- PROBLEM DETAILS
Of the records that follow, copy only the lines from the line containing "Definition distn (a" to the line containing "(forall u v, e", both included, exactly as written.

- PROVIDED DATA
----
(* Let $p,q$ be positive integers with $p/q\ge2$, let $G$ be a connected graph with a fixed orientation, and let $f,g$ be two $(p,q)$-colourings of $G$. Then there is a sequence of $(p,q)$-colourings $f=f_0,f_1,\dots,f_n$, each obtained from its predecessor by a vertex set recolouring, such that for some constant $k$ we have $f_n(v)\equiv g(v)+k\pmod p$ for all vertices $v$, if and only if $\varphi_f(C)=\varphi_g(C)$ for every cycle $C$ of $G$.
   Context: A $(p,q)$-colouring of $G$ is a map $f:V(G)\to\{0,\dots,p-1\}$ with $q\le|f(u)-f(v)|\le p-q$ for every edge $uv$. For a fixed orientation $\overrightarrow{G}$, $\varphi_f(e)=f(v)-f(u)\bmod p$ for each arc $e=\overrightarrow{uv}$. For a cycle $C$ with a chosen traversal direction, with $C^+$ the edges oriented along the traversal and $C^-$ the others, $\varphi_f(C)=\sum_{e\in C^+}\varphi_f(e)+\sum_{e\in C^-}(p-\varphi_f(e))$ (in $\mathbb{Z}$). For $\emptyset\ne X\subsetneq V(G)$ let $\partial^+(X)$ (resp. $\partial^-(X)$) be the arcs from $X$ to $V(G)\setminus X$ (resp. from $V(G)\setminus X$ to $X$). A vertex set recolouring of $f$ (recolouring $X$ by $\alpha$), for $\emptyset\neq X\subsetneq V(G)$ and an integer $1\le\alpha\le p-1$ with $\varphi_f(e)\ge q+\alpha$ for all $e\in\partial^+(X)$ and $\varphi_f(e)\le p-q-\alpha$ for all $e\in\partial^-(X)$, produces the colouring $f'$ with $f'(v)=f(v)+\alpha\bmod p$ for $v\in X$ and $f'(v)=f(v)$ otherwise. *)

From mathcomp Require Import all_boot.
Set Implicit Arguments. Unset Strict Implicit. Unset Printing Implicit Defensive.

Section PQ.
Variables (V : finType) (p q : nat).

Definition distn (a b : nat) : nat := maxn a b - minn a b.

Definition is_pq_col (e : rel V) (f : V -> nat) : Prop :=
  (forall v, f v < p) /\
  (forall u v, e u v -> q <= distn (f u) (f v) /\ distn (f u) (f v) <= p - q).

(* phi_f(u->v) = f(v) - f(u) mod p, for an arc u -> v (f u < p) *)
Definition phiA (f : V -> nat) (u v : V) : nat := (f v + p - f u) %% p.

(* contribution of the traversal step x -> y of a cycle, orientation o:
   phi_f(e) if the arc is x -> y (e in C^+), p - phi_f(e) if it is y -> x (C^-) *)
Definition phi_step (o : rel V) (f : V -> nat) (x y : V) : nat :=
  if o x y then phiA f x y else p - phiA f y x.

(* a cycle of G given as its cyclic sequence of distinct vertices,
   in the chosen traversal direction *)
Definition is_cycle (e : rel V) (c : seq V) : bool :=
  [&& uniq c, 2 < size c & cycle e c].

Definition phiC (o : rel V) (f : V -> nat) (c : seq V) : nat :=
  \sum_(xy <- zip c (rot 1 c)) phi_step o f xy.1 xy.2.

Definition vs_recolouring (o : rel V) (f f' : V -> nat) : Prop :=
  exists (X : {set V}) (alpha : nat),
    [/\ X != set0, X != setT & 1 <= alpha <= p.-1] /\
    [/\ (forall u v, o u v -> u \in X -> v \notin X -> q + alpha <= phiA f u v),
     (forall u v, o u v -> u \notin X -> v \in X -> phiA f u v + q + alpha <= p) &
     (forall v, f' v = if v \in X then (f v + alpha) %% p else f v)].

End PQ.

(* A vertex set recolouring of X by alpha raises phi by alpha on the arcs entering X
   and lowers it by alpha on the arcs leaving X; a cycle enters X as often as it
   leaves it, so phi(C) is invariant, and so it is under a global shift of colours.
   Conversely, if phi_f and phi_g agree on every cycle, then phi_f - phi_g sums to
   zero around every closed walk, hence equals h(v) - h(u) on each arc uv for some
   potential h.  While h is not constant, pick u below the maximum of h and recolour
   X = {w | h w <= h u} by 1: arcs leave X only where phi_f exceeds phi_g, and enter
   it only where phi_f falls short of phi_g, which leaves exactly the room the
   recolouring needs.  This replaces h by h + [X], so the total gap from h to a fixed
   upper bound drops; once h is constant, f differs from g by a constant modulo p. *)

From mathcomp Require Import all_boot all_algebra zify.
Set Implicit Arguments. Unset Strict Implicit. Unset Printing Implicit Defensive.
Import GRing.Theory.

Lemma not_uniq_split (T : eqType) (s : seq T) :
  ~~ uniq s -> exists y s1 s2 s3, s = s1 ++ y :: s2 ++ y :: s3.
Proof.
elim: s => [|x s IHs] //=; rewrite negb_and negbK => /orP[/splitPr[s2 s3] | /IHs].
  by exists x, [::], s2, s3.
by case=> y [s1 [s2 [s3 ->]]]; exists y, (x :: s1), s2, s3.
Qed.

Lemma path_rcons_zip (T : Type) (r : rel T) x y s :
  path r x (rcons s y) = all (fun xy => r xy.1 xy.2) (zip (x :: s) (rcons s y)).
Proof. by elim: s x => [|z s IHs] x //=; rewrite IHs. Qed.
----
- OUTPUT OF THE TASK
Definition distn (a b : nat) : nat := maxn a b - minn a b.

Definition is_pq_col (e : rel V) (f : V -> nat) : Prop :=
  (forall v, f v < p) /\
  (forall u v, e u v -> q <= distn (f u) (f v) /\ distn (f u) (f v) <= p - q).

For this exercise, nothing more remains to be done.